↓↓↓
(* Let $K$ be a compact Hausdorff space and let $(f_n)_{n\in\omega}$ be a sequence of continuous functions $f_n\colon\operatorname{dom}(f_n)\to K$, where for each $n$ the set $\operatorname{dom}(f_n)$ is a closed subset of $K$, such that $K\times K=\bigcup_{n\in\omega}(f_n\cup f_n^{-1})$. Then $|K|\le\aleph_0$.
   Context: Functions are identified with their graphs: $f_n=\{(x,f_n(x)):x\in\operatorname{dom}(f_n)\}\subseteq K\times K$, and $f_n^{-1}=\{(f_n(x),x):x\in\operatorname{dom}(f_n)\}$. *)

From mathcomp Require Import all_boot all_order.
From mathcomp Require Import all_classical all_reals all_analysis.

From mathcomp Require Import all_boot all_order.
From mathcomp Require Import all_classical all_reals all_analysis.
Local Open Scope classical_set_scope.

(* Let L be the set of condensation points of K: it is closed, and nonempty when
   K is uncountable.  If L has no isolated point, a Cantor-type construction
   yields two decreasing sequences of open sets meeting L, the n-th pair chosen
   so that neither f_n nor f_n^-1 maps a point of the first set into the second;
   their limit points x, y satisfy (x, y) \notin f_n \cup f_n^-1 for every n.
   If y is isolated in L, pick a compact neighbourhood B of y with no other
   condensation point, and x in B outside {f_n(y)}.  Then B is covered by the
   countable set {f_n(x)} and the sets B \cap f_n^-1(x), which are compact and,
   as they avoid y, free of condensation points, hence countable: so B is
   countable, although y is a condensation point. *)

Lemma countableU (T : Type) (A B : set T) :
  countable A -> countable B -> countable (A `|` B).
Proof.
move=> cA cB.
apply: (@sub_countable _ _ _ (\bigcup_(b in [set: bool]) (if b then A else B))).
  by apply: subset_card_le => x [Ax|Bx]; [exists true|exists false].
by apply: bigcup_countable => [|[]]; first exact: countableP.
Qed.

Lemma countable_partial_images {T U : Type} (D : nat -> set T) (f : nat -> T -> U)
  (w : T) :
  countable [set z | exists n, D n w /\ f n w = z].
Proof.
apply: (@sub_countable _ _ _ ((fun n => f n w) @` setT)).
  by apply: subset_card_le => z [n [_ <-]]; exists n.
exact: sub_countable (card_image_le _ _) (countableP _).
Qed.

Lemma closed_partial_fibre {K : topologicalType} {D : set K} {g : K -> K} (x : K) :
  hausdorff_space K -> closed D -> {within D, continuous g} ->
  closed [set z | D z /\ g z = x].
Proof.
move=> hK cD cg.
have cx : closed [set x] := @accessible_closed_set1 _ (hausdorff_accessible hK) x.
have /continuous_closedP/(_ _ cx) := cg.
move=> /closed_subspaceP [V cV VD].
suff -> : [set z | D z /\ g z = x] = V `&` D by exact: closedI.
by rewrite VD; apply/seteqP; split=> z [].
Qed.

Lemma decreasing_closed_bigcap_nonempty (K : topologicalType) (C : nat -> set K) :
  compact [set: K] -> (forall k, closed (C k)) -> (forall k, C k.+1 `<=` C k) ->
  (forall k, C k !=set0) -> \bigcap_k C k !=set0.
Proof.
move=> cK cC sC C0.
have decrC i j : (i <= j)%N -> C j `<=` C i.
  move=> /subnK <-; elim: (j - i)%N => [|m IH] //=.
  by rewrite addSn; exact: subset_trans (sC _) IH.
pose G := [set A : set K | exists k, C k `<=` A].
have FG : ProperFilter G.
  apply: Build_ProperFilter_ex => [A [k sA]|].
    by have [z Cz] := C0 k; exists z; exact: sA.
  constructor; first by exists 0%N.
  - move=> A B [i sA] [j sB]; exists (maxn i j) => z Cz; split.
      exact/sA/(decrC _ _ (leq_maxl i j)).
    exact/sB/(decrC _ _ (leq_maxr i j)).
  - by move=> A B AB [k sA]; exists k; exact: subset_trans AB.
have [p [_ clp]] := cK G FG filterT.
exists p => k _; apply: (cC k) => B nB.
by have [z [Cz Bz]] := clp (C k) B (ex_intro _ k (@subset_refl _ _)) nB; exists z.
Qed.

Section CondensationPoints.
Context {K : topologicalType}.

Definition condensation_point (x : K) := forall N, nbhs x N -> ~ countable N.

Lemma closed_condensation_point : closed condensation_point.
Proof.
move=> z clz N Nz cN.
have [w [cw Nw]] := clz _ (nbhs_interior Nz).
exact: cw N Nw cN.
Qed.

Lemma compact_no_condensation_countable (C : set K) : compact C ->
  (forall x, C x -> ~ condensation_point x) -> countable C.
Proof.
move=> cC nocond; apply: contrapT => nC.
pose G := [set A : set K | exists2 S, countable S & C `\` S `<=` A].
have FG : ProperFilter G.
  apply: Build_ProperFilter_ex => [A [S cS sA]|].
    apply: contrapT => /forallNP A0; apply: nC; apply: sub_countable cS.
    apply: subset_card_le => x Cx; apply: contrapT => nSx.
    exact: (A0 x) (sA x (conj Cx nSx)).
  constructor; first by exists set0; [exact: countable0|].
  - move=> A B [S cS sA] [S' cS' sB]; exists (S `|` S'); first exact: countableU.
    move=> x [Cx nSS']; split; [apply: sA|apply: sB]; split=> // ?.
      by apply: nSS'; left.
    by apply: nSS'; right.
  - by move=> A B AB [S cS sA]; exists S => //; exact: subset_trans AB.
have GC : G C by exists set0; [exact: countable0|move=> x []].
have [p [Cp clp]] := cC G FG GC.
have /existsNP [N /not_implyP [Np /contrapT cN]] := nocond p Cp.
have GNC : G (~` N) by exists N => // x [].
by have [z [nz zN]] := clp _ _ GNC Np.
Qed.

Lemma exists_condensation_point : compact [set: K] -> ~ countable [set: K] ->
  exists x, condensation_point x.
Proof.
move=> cK nC; apply: contrapT => /forallNP nocond.
exact/nC/compact_no_condensation_countable.
Qed.

End CondensationPoints.

Lemma continuous_within_nbhs {K : topologicalType} {D : set K} {g : K -> K}
  {x : K} {N : set K} :
  {within D, continuous g} -> D x -> nbhs (g x) N ->
  nbhs x (fun w => D w -> N (g w)).
Proof. by move=> /subspace_continuousP cg Dx; exact: cg x Dx N. Qed.

Section PerfectClosedSet.
Context {K : topologicalType} {L : set K}.
Hypotheses (hK : hausdorff_space K) (cK : compact [set: K]).

Let meets (U : set K) := open U /\ U `&` L !=set0.

Lemma meets_shrink {U : set K} : meets U -> exists2 U', meets U' & closure U' `<=` U.
Proof.
move=> [oU [z [Uz Lz]]].
have [B nB cB] :=
  @compact_regular K z setT hK cK filterT U (open_nbhs_nbhs (conj oU Uz)).
exists B°; last exact: subset_trans (closureS (@interior_subset _ B)) cB.
split; first exact: open_interior.
by exists z; split=> //; exact: nbhs_singleton (nbhs_interior nB).
Qed.

Lemma meets_nested_point : closed L -> forall U : nat -> set K,
  (forall k, meets (U k)) -> (forall k, closure (U k.+1) `<=` U k) ->
  exists x, forall k, U k x.
Proof.
move=> cL U mU sU.
have [|k|k|x Cx] :=
  @decreasing_closed_bigcap_nonempty K (fun k => closure (U k) `&` L) cK.
- by move=> k; apply: closedI => //; exact: closed_closure.
- by move=> z [clz Lz]; split=> //; exact/subset_closure/sU.
- by have [_ [z [Uz Lz]]] := mU k; exists z; split=> //; exact: subset_closure.
- by exists x => k; have [clx _] := Cx k.+1 I; exact: sU.
Qed.

Hypothesis L_perfect : forall U, open U -> U `&` L !=set0 -> ~ is_subset1 (U `&` L).

Lemma meets_avoid_partial_map {D : set K} {g : K -> K} {U V : set K} :
  closed D -> {within D, continuous g} -> meets U -> meets V ->
  exists U' V', [/\ meets U', meets V', U' `<=` U, V' `<=` V &
    forall a b, U' a -> V' b -> ~ (D a /\ g a = b)].
Proof.
move=> cD cg [oU [x [Ux Lx]]] [oV VL].
have [Dx|nDx] := pselect (D x); last first.
  exists (U `&` ~` D), V; split=> //; last by move=> a b [_ nDa] _ [].
  split; first by apply: openI => //; exact: closed_openC.
  by exists x.
have [y [[Vy Ly] gxy]] : exists y, (V `&` L) y /\ g x != y.
  apply: contrapT => /forallNP ny; apply: (L_perfect _ oV VL) => y1 y2 Hy1 Hy2.
  have gx_eq y : (V `&` L) y -> g x = y.
    by move=> Hy; apply: contrapT => /eqP gxy; exact: (ny y).
  by rewrite -(gx_eq _ Hy1) -(gx_eq _ Hy2).
move: hK; rewrite open_hausdorff => /(_ _ _ gxy) [[A1 A2]] /=.
rewrite !inE => -[A1gx A2y] [oA1 oA2 A12].
have := continuous_within_nbhs cg Dx (open_nbhs_nbhs (conj oA1 A1gx)).
rewrite nbhsE => -[W [oW Wx] sW].
exists (U `&` W), (V `&` A2); split.
- by split; [exact: openI|exists x].
- by split; [exact: openI|exists y].
- by move=> ? [].
- by move=> ? [].
- move=> a b [_ Wa] [_ A2b] [Da gab].
  suff : (A1 `&` A2) b by rewrite A12.
  by split=> //; rewrite -gab; exact: sW.
Qed.

Lemma meets_avoid_partial_map_both {D : set K} {g : K -> K} {U V : set K} :
  closed D -> {within D, continuous g} -> meets U -> meets V ->
  exists U' V', [/\ meets U', meets V', closure U' `<=` U, closure V' `<=` V &
    forall a b, U' a -> V' b -> ~ (D a /\ g a = b) /\ ~ (D b /\ g b = a)].
Proof.
move=> cD cg mU mV.
have [U1 [V1 [mU1 mV1 sU1 sV1 avoid1]]] := meets_avoid_partial_map cD cg mU mV.
have [V2 [U2 [mV2 mU2 sV2 sU2 avoid2]]] := meets_avoid_partial_map cD cg mV1 mU1.
have [U3 mU3 cU3] := meets_shrink mU2.
have [V3 mV3 cV3] := meets_shrink mV2.
have sU3 : U3 `<=` U2 := subset_trans (@subset_closure _ _) cU3.
have sV3 : V3 `<=` V2 := subset_trans (@subset_closure _ _) cV3.
exists U3, V3; split=> //.
- exact: subset_trans cU3 (subset_trans sU2 sU1).
- exact: subset_trans cV3 (subset_trans sV2 sV1).
- move=> a b U3a V3b; split; last exact: avoid2 (sV3 _ V3b) (sU3 _ U3a).
  exact: avoid1 (sU2 _ (sU3 _ U3a)) (sV2 _ (sV3 _ V3b)).
Qed.

Context {D : nat -> set K} {f : nat -> K -> K}.
Hypotheses (closedD : forall n, closed (D n))
  (contf : forall n, {within D n, continuous (f n)}).

Let separates n (P P' : set K * set K) :=
  [/\ meets P'.1, meets P'.2, closure P'.1 `<=` P.1, closure P'.2 `<=` P.2 &
    forall a b, P'.1 a -> P'.2 b ->
      ~ (D n a /\ f n a = b) /\ ~ (D n b /\ f n b = a)].

Lemma perfect_avoids_partial_maps : closed L -> L !=set0 ->
  exists x y, forall n, ~ (D n x /\ f n x = y) /\ ~ (D n y /\ f n y = x).
Proof.
move=> cL [z Lz].
have step n (P : set K * set K) :
    exists P', meets P.1 -> meets P.2 -> separates n P P'.
  have [[mU mV]|nm] := pselect (meets P.1 /\ meets P.2); last first.
    by exists P => mU mV; exfalso; exact: nm.
  have [U' [V' sep]] := meets_avoid_partial_map_both (closedD n) (contf n) mU mV.
  by exists (U', V').
have [G sepG] := choice (fun nP : nat * (set K * set K) => step nP.1 nP.2).
pose S := fix S k := if k is k'.+1 then G (k', S k') else (@setT K, @setT K).
have mS k : meets (S k).1 /\ meets (S k).2.
  elim: k => [|k [mU mV]]; last by have [] := sepG (k, S k) mU mV.
  by split; split; [exact: openT|by exists z|exact: openT|by exists z].
have sepS k : separates k (S k) (S k.+1) := sepG (k, S k) (mS k).1 (mS k).2.
have [x Sx] : exists x, forall k, (S k).1 x.
  by apply: (meets_nested_point cL) => k; [exact: (mS k).1|have [] := sepS k].
have [y Sy] : exists y, forall k, (S k).2 y.
  by apply: (meets_nested_point cL) => k; [exact: (mS k).2|have [] := sepS k].
exists x, y => n; have [_ _ _ _ avoid] := sepS n.
exact: avoid x y (Sx n.+1) (Sy n.+1).
Qed.

End PerfectClosedSet.

Section IsolatedCondensationPoint.
Context {K : topologicalType} {D : nat -> set K} {f : nat -> K -> K}.
Hypotheses (hK : hausdorff_space K) (cK : compact [set: K])
  (closedD : forall n, closed (D n))
  (contf : forall n, {within D n, continuous (f n)}).

Lemma countable_compact_partial_fibre (C : set K) (y x : K) (n : nat) :
  compact C ->
  (forall z, C z -> condensation_point z -> z = y) -> ~ (D n y /\ f n y = x) ->
  countable (C `&` [set z | D n z /\ f n z = x]).
Proof.
move=> cC isoy nyx; apply: compact_no_condensation_countable.
  exact: compact_closedI cC (closed_partial_fibre x hK (closedD n) (contf n)).
by move=> z [Cz [Dz fz]] cz; apply: nyx; rewrite -(isoy z Cz cz).
Qed.

Hypothesis hcover : forall x y : K, exists n : nat,
  (D n x /\ f n x = y) \/ (D n y /\ f n y = x).

Lemma not_isolated_condensation_point {U : set K} {y : K} :
  open U -> U y -> condensation_point y -> ~ is_subset1 (U `&` condensation_point).
Proof.
move=> oU Uy cy iso.
have [B nB cB] :=
  @compact_regular K y setT hK cK filterT U (open_nbhs_nbhs (conj oU Uy)).
have [x [Bx nyx]] : exists x, B x /\ ~ (exists n, D n y /\ f n y = x).
  apply: contrapT => /forallNP nx; apply: (cy B nB).
  apply: (sub_countable _ (countable_partial_images D f y)).
  by apply: subset_card_le => z Bz; apply: contrapT => nz; exact: (nx z).
apply: (cy B nB); apply: (@sub_countable _ _ _ ([set z | exists n, D n x /\ f n x = z]
  `|` \bigcup_n (closure B `&` [set z | D n z /\ f n z = x]))).
  apply: subset_card_le => z Bz.
  have [n [xz|zx]] := hcover x z; first by left; exists n.
  by right; exists n => //; split=> //; exact: subset_closure.
apply: countableU; first exact: countable_partial_images.
apply: bigcup_countable => [|n _]; first exact: countableP.
refine (@countable_compact_partial_fibre (closure B) y x n _ _ _).
- exact: subclosed_compact (@closed_closure _ B) cK (@subsetT _ _).
- move=> z clz cz; apply: iso; last by split.
  by split=> //; exact: cB.
- by move=> Hn; apply: nyx; exists n.
Qed.

End IsolatedCondensationPoint.

Theorem theorem4p1 (K : topologicalType) (D : nat -> set K) (f : nat -> K -> K)
  (hK : hausdorff_space K) (cK : compact [set: K])
  (hD : forall n, closed (D n))
  (hf : forall n, {within D n, continuous (f n)})
  (hcover : forall x y : K, exists n : nat,
      (D n x /\ f n x = y) \/ (D n y /\ f n y = x)) :
  countable [set: K].
Proof.
apply: contrapT => nC.
have [y cy] := exists_condensation_point cK nC.
have [perfect|] := pselect (forall U : set K,
  open U -> U `&` condensation_point !=set0 -> ~ is_subset1 (U `&` condensation_point)).
- have [x [x' avoid]] := perfect_avoids_partial_maps hK cK perfect hD hf
    closed_condensation_point (ex_intro _ y cy).
  by have [n [xx'|x'x]] := hcover x x'; have [] := avoid n.
- move=> /existsNP [U /not_implyP [oU /not_implyP [[z [Uz cz]] /contrapT iso]]].
  exact: (not_isolated_condensation_point hK cK hD hf hcover oU Uz cz iso).
Qed.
↑↑↑
* [TASK TO CARRY OUT]: In the listing above, find the lines holding the word "contf" and copy them.

* [SOLUTION BELOW]:
  (contf : forall n, {within D n, continuous (f n)}).
  have [U' [V' sep]] := meets_avoid_partial_map_both (closedD n) (contf n) mU mV.
  (contf : forall n, {within D n, continuous (f n)}).
  exact: compact_closedI cC (closed_partial_fibre x hK (closedD n) (contf n)).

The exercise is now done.